> _PROMPT_: Retrieve every line of the data holding the word "hsub".

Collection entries

(* Suppose A1 and A3 hold and let $\{x_k\}$ be generated by Algorithm 1. Let $N_k=\sum_{j=0}^{k}(l_j+1)$ be the total number of evaluations of $f$ at trial points $x_j+\alpha_j\beta^l d_j$ performed in iterations $0,\dots,k$. Then $$N_k\le 2(k+1)+\frac{1}{\log\beta}\left[\log\bar\alpha-\log\alpha_0\right],$$ where $\bar\alpha=\min\{\alpha_0,\,2(1-\rho)c_1/(Lc_2^2)\}$.
   Context: Let $(X,\langle\cdot,\cdot\rangle)$ be a real Hilbert space with induced norm $\|\cdot\|$, and $f:X\to\mathbb{R}$ Fréchet differentiable with gradient $\nabla f$. Algorithm 1 (general non-monotone descent algorithm): parameters $x_0\in X$, $\alpha_0>0$, $\beta,\rho\in(0,1)$. For $k=0,1,2,\dots$: choose $d_k\in X$ with $\langle\nabla f(x_k),d_k\rangle<0$; then for $l=0,1,2,\dots$ choose a number $\nu_{k,l}\ge 0$ and test $$f(x_k+\alpha_k\beta^l d_k)\le f(x_k)+\rho\alpha_k\beta^l\langle\nabla f(x_k),d_k\rangle+\nu_{k,l};$$ let $l_k$ be the first $l$ for which this holds, set $\nu_k:=\nu_{k,l_k}$, $x_{k+1}=x_k+\alpha_k\beta^{l_k}d_k$ and $\alpha_{k+1}=\alpha_k\beta^{l_k-1}$. It is assumed the algorithm generates infinite sequences (all $l_k$ finite). Assumptions: A1: $\nabla f$ is Lipschitz continuous with constant $L>0$. A3: there are constants $c_1,c_2>0$ with $\langle\nabla f(x_k),d_k\rangle\le -c_1\|\nabla f(x_k)\|^2$ and $\|d_k\|\le c_2\|\nabla f(x_k)\|$ for all $k$. *)

From Stdlib Require Export Reals Lra Lia ZArith.
Open Scope R_scope.

Record Hilbert := {
  hcar :> Type;
  hzero : hcar;
  hadd : hcar -> hcar -> hcar;
  hopp : hcar -> hcar;
  hscal : R -> hcar -> hcar;
  hinner : hcar -> hcar -> R;
  hadd_assoc : forall x y z, hadd x (hadd y z) = hadd (hadd x y) z;
  hadd_comm : forall x y, hadd x y = hadd y x;
  hadd_zero : forall x, hadd x hzero = x;
  hadd_opp : forall x, hadd x (hopp x) = hzero;
  hscal_assoc : forall a b x, hscal a (hscal b x) = hscal (a * b) x;
  hscal_one : forall x, hscal 1 x = x;
  hscal_distr_l : forall a x y, hscal a (hadd x y) = hadd (hscal a x) (hscal a y);
  hscal_distr_r : forall a b x, hscal (a + b) x = hadd (hscal a x) (hscal b x);
  hinner_sym : forall x y, hinner x y = hinner y x;
  hinner_add_l : forall x y z, hinner (hadd x y) z = hinner x z + hinner y z;
  hinner_scal_l : forall a x y, hinner (hscal a x) y = a * hinner x y;
  hinner_pos : forall x, 0 <= hinner x x;
  hinner_def : forall x, hinner x x = 0 -> x = hzero;
  hcomplete : forall u : nat -> hcar,
    (forall eps, 0 < eps -> exists N, forall m n, (N <= m)%nat -> (N <= n)%nat ->
        sqrt (hinner (hadd (u m) (hopp (u n))) (hadd (u m) (hopp (u n)))) < eps) ->
    exists lim, forall eps, 0 < eps -> exists N, forall n, (N <= n)%nat ->
        sqrt (hinner (hadd (u n) (hopp lim)) (hadd (u n) (hopp lim))) < eps
}.

Arguments hzero {h}.
Arguments hadd {h}.
Arguments hopp {h}.
Arguments hscal {h}.
Arguments hinner {h}.

Definition hnorm {X : Hilbert} (x : X) : R := sqrt (hinner x x).
Definition hsub {X : Hilbert} (x y : X) : X := hadd x (hopp y).

Definition is_gradient {X : Hilbert} (f : X -> R) (g : X -> X) : Prop :=
  forall x : X, forall eps, 0 < eps -> exists delta, 0 < delta /\
    forall h : X, hnorm h < delta ->
      Rabs (f (hadd x h) - f x - hinner (g x) h) <= eps * hnorm h.

Definition lipschitz {X : Hilbert} (g : X -> X) (L : R) : Prop :=
  0 < L /\ forall x y : X, hnorm (hsub (g x) (g y)) <= L * hnorm (hsub x y).

(* Backtracking from [alpha k] stops as soon as the trial step drops below
   [2 (1 - rho) c1 / (L c2^2)], because by the descent lemma every such step
   satisfies the Armijo condition under A3.  Hence each trial step size stays
   above [abar], while [alpha (k+1) = alpha k beta^(l k - 1)] gives
   [ln alpha (k+1) = ln alpha0 + (N_k - 2 (k+1)) ln beta]; comparing with
   [ln abar] and dividing by [ln beta < 0] yields the bound. *)

From Stdlib Require Import Reals Lra Lia ZArith ssreflect.
From Coquelicot Require Import Coquelicot.
Open Scope R_scope.

Section InnerProduct.

Variable X : Hilbert.
Implicit Types (u v w : X).

Lemma hinner0l v : hinner hzero v = 0.
Proof. have := hinner_add_l X hzero hzero v; rewrite hadd_zero; lra. Qed.

Lemma hinnerNl u v : hinner (hopp u) v = - hinner u v.
Proof. have := hinner_add_l X u (hopp u) v; rewrite hadd_opp hinner0l; lra. Qed.

Lemma hinnerDr u v w : hinner u (hadd v w) = hinner u v + hinner u w.
Proof. by rewrite hinner_sym hinner_add_l !(hinner_sym _ _ u). Qed.

Lemma hinnerZr a u v : hinner u (hscal a v) = a * hinner u v.
Proof. by rewrite hinner_sym hinner_scal_l (hinner_sym _ v). Qed.

Lemma hscal0 v : hscal 0 v = hzero.
Proof. by apply: hinner_def; rewrite hinner_scal_l Rmult_0_l. Qed.

Lemma haddKl u v : hsub (hadd u v) u = v.
Proof. by rewrite /hsub (hadd_comm X u v) -hadd_assoc hadd_opp hadd_zero. Qed.

Lemma hnorm_ge0 u : 0 <= hnorm u.
Proof. exact: sqrt_pos. Qed.

Lemma hnorm_sqr u : hnorm u * hnorm u = hinner u u.
Proof. exact/sqrt_sqrt/hinner_pos. Qed.

Lemma hnorm_eq0 u : hnorm u = 0 -> u = hzero.
Proof. by move=> /sqrt_eq_0 h; apply/hinner_def/h/hinner_pos. Qed.

Lemma hnorm_scal a u : hnorm (hscal a u) = Rabs a * hnorm u.
Proof.
rewrite /hnorm hinner_scal_l hinnerZr -Rmult_assoc sqrt_mult ?sqrt_Rsqr_abs //.
- exact: Rle_0_sqr.
- exact: hinner_pos.
Qed.

Lemma hinner_add_scal u v r :
  hinner (hadd u (hscal r v)) (hadd u (hscal r v))
  = hinner u u + 2 * r * hinner u v + r * r * hinner v v.
Proof.
by rewrite !hinner_add_l !hinnerDr !hinner_scal_l !hinnerZr (hinner_sym _ v u); ring.
Qed.

Lemma hinner_le_norm u v : hinner u v <= hnorm u * hnorm v.
Proof.
have hu := hnorm_ge0 u; have hv := hnorm_ge0 v.
have [/hnorm_eq0 ->|nu] := Req_dec (hnorm u) 0.
  by rewrite hinner0l; apply/Rmult_le_pos/hv/hnorm_ge0.
have [/hnorm_eq0 ->|nv] := Req_dec (hnorm v) 0.
  by rewrite hinner_sym hinner0l; apply/Rmult_le_pos/hnorm_ge0.
(* expand [0 <= |u - (|u|/|v|) v|^2] *)
have := hinner_pos X (hadd u (hscal (- (hnorm u / hnorm v)) v)).
rewrite hinner_add_scal -!hnorm_sqr.
have -> : - (hnorm u / hnorm v) * - (hnorm u / hnorm v) * (hnorm v * hnorm v)
          = hnorm u * hnorm u by field.
have -> : 2 * - (hnorm u / hnorm v) * hinner u v
          = - (2 * hnorm u / hnorm v) * hinner u v by field.
move=> h; have : hnorm u / hnorm v * hinner u v <= hnorm u / hnorm v * (hnorm u * hnorm v).
{ have -> : hnorm u / hnorm v * (hnorm u * hnorm v) = hnorm u * hnorm u by field. lra. }
apply: Rmult_le_reg_l; apply: Rdiv_lt_0_compat; lra.
Qed.

End InnerProduct.

Section SmoothObjective.

Variables (X : Hilbert) (f : X -> R) (g : X -> X).
Hypothesis Hgrad : is_gradient f g.

Lemma derivable_pt_lim_along (x d : X) s :
  derivable_pt_lim (fun s => f (hadd x (hscal s d))) s (hinner (g (hadd x (hscal s d))) d).
Proof.
move=> eps Heps.
set y := hadd x (hscal s d); set nd := hnorm d; have hnd : 0 <= nd := hnorm_ge0 X d.
have heps' : 0 < eps / (2 * (nd + 1)) by apply: Rdiv_lt_0_compat; lra.
have [delta [Hdelta Hy]] := Hgrad y _ heps'.
have hdp : 0 < delta / (nd + 1) by apply: Rdiv_lt_0_compat; lra.
exists (mkposreal _ hdp) => h /= hne hlt.
have hh : 0 < Rabs h by apply: Rabs_pos_lt.
have hsmall : Rabs h * nd < delta.
{ have : Rabs h * (nd + 1) < delta by move: hlt; rewrite /Rdiv -Rlt_div_r /=; lra.
  nra. }
have := Hy (hscal h d); rewrite hnorm_scal -/nd -hadd_assoc -hscal_distr_r hinnerZr.
move/(_ hsmall) => hquot.
rewrite -/y /Rdiv.
have -> : (f (hadd x (hscal (s + h) d)) - f y) * / h - hinner (g y) d
          = (f (hadd x (hscal (s + h) d)) - f y - h * hinner (g y) d) * / h by field.
rewrite Rabs_mult Rabs_inv.
apply: (Rle_lt_trans _ (eps / (2 * (nd + 1)) * nd)).
- apply: (Rmult_le_reg_r (Rabs h)) => //.
  rewrite Rmult_assoc Rinv_l; nra.
- have : eps / (2 * (nd + 1)) * (nd + 1) = eps / 2 by field; lra.
  nra.
Qed.

Variable L : R.
Hypothesis HL : lipschitz g L.

Lemma descent_lemma (x d : X) t : 0 < t ->
  f (hadd x (hscal t d)) <= f x + t * hinner (g x) d + L / 2 * t ^ 2 * hnorm d ^ 2.
Proof.
move=> ht; have [HL0 HLip] := HL.
set c := hinner (g x) d; set K := L / 2 * hnorm d ^ 2.
(* [psi] is nonincreasing on [0, t] since its derivative [psi'] is <= 0 there *)
set psi := fun s => f (hadd x (hscal s d)) - (c * s + K * (s * s)).
set psi' := fun s => hinner (g (hadd x (hscal s d))) d - (c + K * (2 * s)).
have [z [Hz [hz0 hzt]]] : exists z, psi t - psi 0 = psi' z * (t - 0) /\ 0 < z < t.
{ apply: MVT_cor2 => // z _.
  apply: (derivable_pt_lim_minus (fun s => f (hadd x (hscal s d)))).
  - exact: derivable_pt_lim_along.
  - by apply/is_derive_Reals; auto_derive; last ring. }
have Hpsi' : psi' z <= 0.
{ set y := hadd x (hscal z d).
  have hnd := hnorm_ge0 X d.
  have hcs := hinner_le_norm X (hsub (g y) (g x)) d.
  have hlip := HLip y x; rewrite haddKl hnorm_scal Rabs_pos_eq in hlip; last lra.
  have e : hinner (g y) d - c = hinner (hsub (g y) (g x)) d
    by rewrite /hsub hinner_add_l hinnerNl.
  have : hnorm (hsub (g y) (g x)) * hnorm d <= L * (z * hnorm d) * hnorm d
    by apply: Rmult_le_compat_r.
  have : K * (2 * z) = L * (z * hnorm d) * hnorm d by rewrite /K /=; field.
  rewrite /psi' -/y; lra. }
have : psi' z * (t - 0) <= 0 by apply: Rmult_le_0_r; lra.
rewrite -Hz /psi /= hscal0 hadd_zero.
have : K * (t * t) = L / 2 * t ^ 2 * hnorm d ^ 2 by rewrite /K /=; field.
lra.
Qed.

Lemma armijo_small_step c1 c2 rho (x d : X) t nu :
  0 < c1 -> 0 < c2 -> rho < 1 -> 0 <= nu ->
  hinner (g x) d <= - c1 * hnorm (g x) ^ 2 ->
  hnorm d <= c2 * hnorm (g x) ->
  0 < t -> t <= 2 * (1 - rho) * c1 / (L * c2 ^ 2) ->
  f (hadd x (hscal t d)) <= f x + rho * t * hinner (g x) d + nu.
Proof.
move=> hc1 hc2 hrho hnu hA3a hA3b ht htA.
have hdesc := descent_lemma x d t ht; have [hL _] := HL.
set c := hinner (g x) d in hA3a hdesc *.
set ng := hnorm (g x) in hA3a hA3b; set nd := hnorm d in hA3b hdesc.
have hnd : 0 <= nd := hnorm_ge0 X d.
have hLc : 0 < L * c2 ^ 2 by apply: Rmult_lt_0_compat; [lra | apply: pow_lt].
have htL : t * (L * c2 ^ 2) <= 2 * (1 - rho) * c1
  by move: htA; rewrite -Rle_div_r.
(* the quadratic term is dominated by a [1 - rho] fraction of the linear one *)
have hquad : L / 2 * t * nd ^ 2 <= (1 - rho) * c1 * ng ^ 2.
{ have hnd2 : nd ^ 2 <= c2 ^ 2 * ng ^ 2 by rewrite -Rpow_mult_distr; apply: pow_incr; lra.
  have hng2 : 0 <= ng ^ 2 := pow2_ge_0 ng.
  apply: (Rle_trans _ (L / 2 * t * (c2 ^ 2 * ng ^ 2))).
  - apply: Rmult_le_compat_l => //; apply: Rmult_le_pos; lra.
  - have -> : L / 2 * t * (c2 ^ 2 * ng ^ 2) = t * (L * c2 ^ 2) / 2 * ng ^ 2 by field.
    apply: Rmult_le_compat_r; lra. }
have : t * ((1 - rho) * c + L / 2 * t * nd ^ 2) <= 0.
{ apply: Rmult_le_0_l; first lra.
  have : 0 <= (1 - rho) * (- c1 * ng ^ 2 - c) by apply: Rmult_le_pos; lra.
  lra. }
have : L / 2 * t ^ 2 * nd ^ 2 = t * (L / 2 * t * nd ^ 2) by ring.
nra.
Qed.

End SmoothObjective.

Lemma powerRZ_pred_nat b n : b <> 0 ->
  powerRZ b (Z.of_nat n - 1) = b ^ n * / b.
Proof. by move=> hb; rewrite powerRZ_add // pow_powerRZ /= Rmult_1_r. Qed.

Section Backtracking.

Variables (beta : R) (alpha : nat -> R) (l : nat -> nat).
Hypothesis Hbeta : 0 < beta < 1.
Hypothesis Halpha0_pos : 0 < alpha 0%nat.
Hypothesis Halpha : forall k, alpha (S k) = alpha k * powerRZ beta (Z.of_nat (l k) - 1).

Lemma alpha_S k : alpha (S k) = alpha k * beta ^ l k * / beta.
Proof. by rewrite Halpha powerRZ_pred_nat ?Rmult_assoc //; lra. Qed.

Lemma alpha_pos k : 0 < alpha k.
Proof.
elim: k => [|k IH] //; rewrite alpha_S.
apply: Rmult_lt_0_compat; last by apply: Rinv_0_lt_compat; lra.
by apply: Rmult_lt_0_compat => //; apply: pow_lt; lra.
Qed.

Lemma ln_alpha_S k : ln (alpha (S k)) = ln (alpha k) + (INR (l k) - 1) * ln beta.
Proof.
have hb : 0 < beta by lra.
have hk := alpha_pos k; have hbl := pow_lt beta (l k) hb.
have hkl : 0 < alpha k * beta ^ l k by apply: Rmult_lt_0_compat.
have hbi : 0 < / beta by apply: Rinv_0_lt_compat.
by rewrite alpha_S !ln_mult // ln_Rinv // ln_pow //; ring.
Qed.

Lemma alpha_ge_min (A : R) :
  (forall k j, (j < l k)%nat -> A < alpha k * beta ^ j) ->
  forall k, Rmin (alpha 0%nat) A <= alpha k.
Proof.
move=> Hrej; elim=> [|k IH]; first exact: Rmin_l.
have hb : 0 < beta by lra.
have hk := alpha_pos k.
rewrite alpha_S; case El: (l k) => [|m] /=.
- (* no backtracking: the trial step is enlarged by [1 / beta > 1] *)
  have : alpha k <= alpha k * 1 * / beta.
  { rewrite Rmult_1_r -{1}(Rmult_1_r (alpha k)); apply: Rmult_le_compat_l; first lra.
    rewrite -Rinv_1; apply: Rinv_le_contravar; lra. }
  lra.
- (* the rejected step [alpha k * beta ^ m] is the new trial step *)
  have -> : alpha k * (beta * beta ^ m) * / beta = alpha k * beta ^ m by field; lra.
  have := Hrej k m ltac:(lia); have := Rmin_r (alpha 0%nat) A; lra.
Qed.

Lemma trials_mul_ln_beta k :
  sum_f_R0 (fun j => INR (l j + 1)) k * ln beta
  = 2 * (INR k + 1) * ln beta + ln (alpha (S k)) - ln (alpha 0%nat).
Proof.
elim: k => [|k IH].
- rewrite /= ln_alpha_S plus_INR /=; ring.
- rewrite tech5 Rmult_plus_distr_r IH (ln_alpha_S (S k)) plus_INR (S_INR k).
  change (INR 1) with 1; ring.
Qed.

Lemma trials_bound (A : R) : 0 < A ->
  (forall k j, (j < l k)%nat -> A < alpha k * beta ^ j) ->
  forall k, sum_f_R0 (fun j => INR (l j + 1)) k
    <= 2 * (INR k + 1) + / ln beta * (ln (Rmin (alpha 0%nat) A) - ln (alpha 0%nat)).
Proof.
move=> hA Hrej k.
have hlb : ln beta < 0 by rewrite -ln_1; apply: ln_increasing; lra.
have hmin : 0 < Rmin (alpha 0%nat) A by apply: Rmin_pos.
have hle : ln (Rmin (alpha 0%nat) A) <= ln (alpha (S k)).
{ case: (Rle_lt_or_eq_dec _ _ (alpha_ge_min A Hrej (S k))) => [h|->]; last lra.
  by left; apply: ln_increasing. }
have -> : sum_f_R0 (fun j => INR (l j + 1)) k
          = / ln beta * (sum_f_R0 (fun j => INR (l j + 1)) k * ln beta) by field; lra.
rewrite trials_mul_ln_beta.
have -> : forall a b c, / ln beta * (2 * a * ln beta + b - c) = 2 * a + / ln beta * (b - c)
  by move=> a b c; field; lra.
apply: Rplus_le_compat_l; apply: Rmult_le_compat_neg_l.
- by left; apply: Rinv_lt_0_compat.
- lra.
Qed.

End Backtracking.

Theorem theorem1
  (X : Hilbert) (f : X -> R) (g : X -> X) (Hgrad : is_gradient f g)
  (L : R) (HA1 : lipschitz g L)
  (c1 c2 : R) (Hc1 : 0 < c1) (Hc2 : 0 < c2)
  (alpha0 beta rho : R) (Ha0 : 0 < alpha0)
  (Hbeta : 0 < beta < 1) (Hrho : 0 < rho < 1)
  (x d : nat -> X) (alpha : nat -> R) (l : nat -> nat) (nu : nat -> nat -> R)
  (Hnu : forall k j, 0 <= nu k j)
  (Halpha0 : alpha 0%nat = alpha0)
  (Hdesc : forall k, hinner (g (x k)) (d k) < 0)
  (HA3a : forall k, hinner (g (x k)) (d k) <= - c1 * (hnorm (g (x k))) ^ 2)
  (HA3b : forall k, hnorm (d k) <= c2 * hnorm (g (x k)))
  (Hacc : forall k,
     f (hadd (x k) (hscal (alpha k * beta ^ (l k)) (d k)))
       <= f (x k) + rho * (alpha k * beta ^ (l k)) * hinner (g (x k)) (d k) + nu k (l k))
  (Hfirst : forall k j, (j < l k)%nat ->
     ~ (f (hadd (x k) (hscal (alpha k * beta ^ j) (d k)))
          <= f (x k) + rho * (alpha k * beta ^ j) * hinner (g (x k)) (d k) + nu k j))
  (Hx : forall k, x (S k) = hadd (x k) (hscal (alpha k * beta ^ (l k)) (d k)))
  (Halpha : forall k, alpha (S k) = alpha k * powerRZ beta (Z.of_nat (l k) - 1)) :
  forall k : nat,
    sum_f_R0 (fun j => INR (l j + 1)) k
      <= 2 * (INR k + 1)
         + / ln beta * (ln (Rmin alpha0 (2 * (1 - rho) * c1 / (L * c2 ^ 2))) - ln alpha0).
Proof.
(* only the step-size recursion and the rejection of the trial steps matter *)
have [hL _] := HA1.
have hA : 0 < 2 * (1 - rho) * c1 / (L * c2 ^ 2).
{ apply: Rdiv_lt_0_compat; first nra.
  by apply: Rmult_lt_0_compat => //; apply: pow_lt. }
have ha0 : 0 < alpha 0%nat by rewrite Halpha0.
rewrite -Halpha0; apply: (trials_bound beta alpha l) => // k j hj.
apply: Rnot_le_lt => hsmall; apply: (Hfirst k j hj).
apply: (armijo_small_step X f g Hgrad L HA1) => //; try lra.
apply: Rmult_lt_0_compat; first exact: (alpha_pos beta alpha l).
by apply: pow_lt; lra.
Qed.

> _SOLUTION TO THIS EXERCISE_:
Definition hsub {X : Hilbert} (x y : X) : X := hadd x (hopp y).
  0 < L /\ forall x y : X, hnorm (hsub (g x) (g y)) <= L * hnorm (hsub x y).
Lemma haddKl u v : hsub (hadd u v) u = v.
Proof. by rewrite /hsub (hadd_comm X u v) -hadd_assoc hadd_opp hadd_zero. Qed.
  have hcs := hinner_le_norm X (hsub (g y) (g x)) d.
  have e : hinner (g y) d - c = hinner (hsub (g y) (g x)) d
    by rewrite /hsub hinner_add_l hinnerNl.
  have : hnorm (hsub (g y) (g x)) * hnorm d <= L * (z * hnorm d) * hnorm d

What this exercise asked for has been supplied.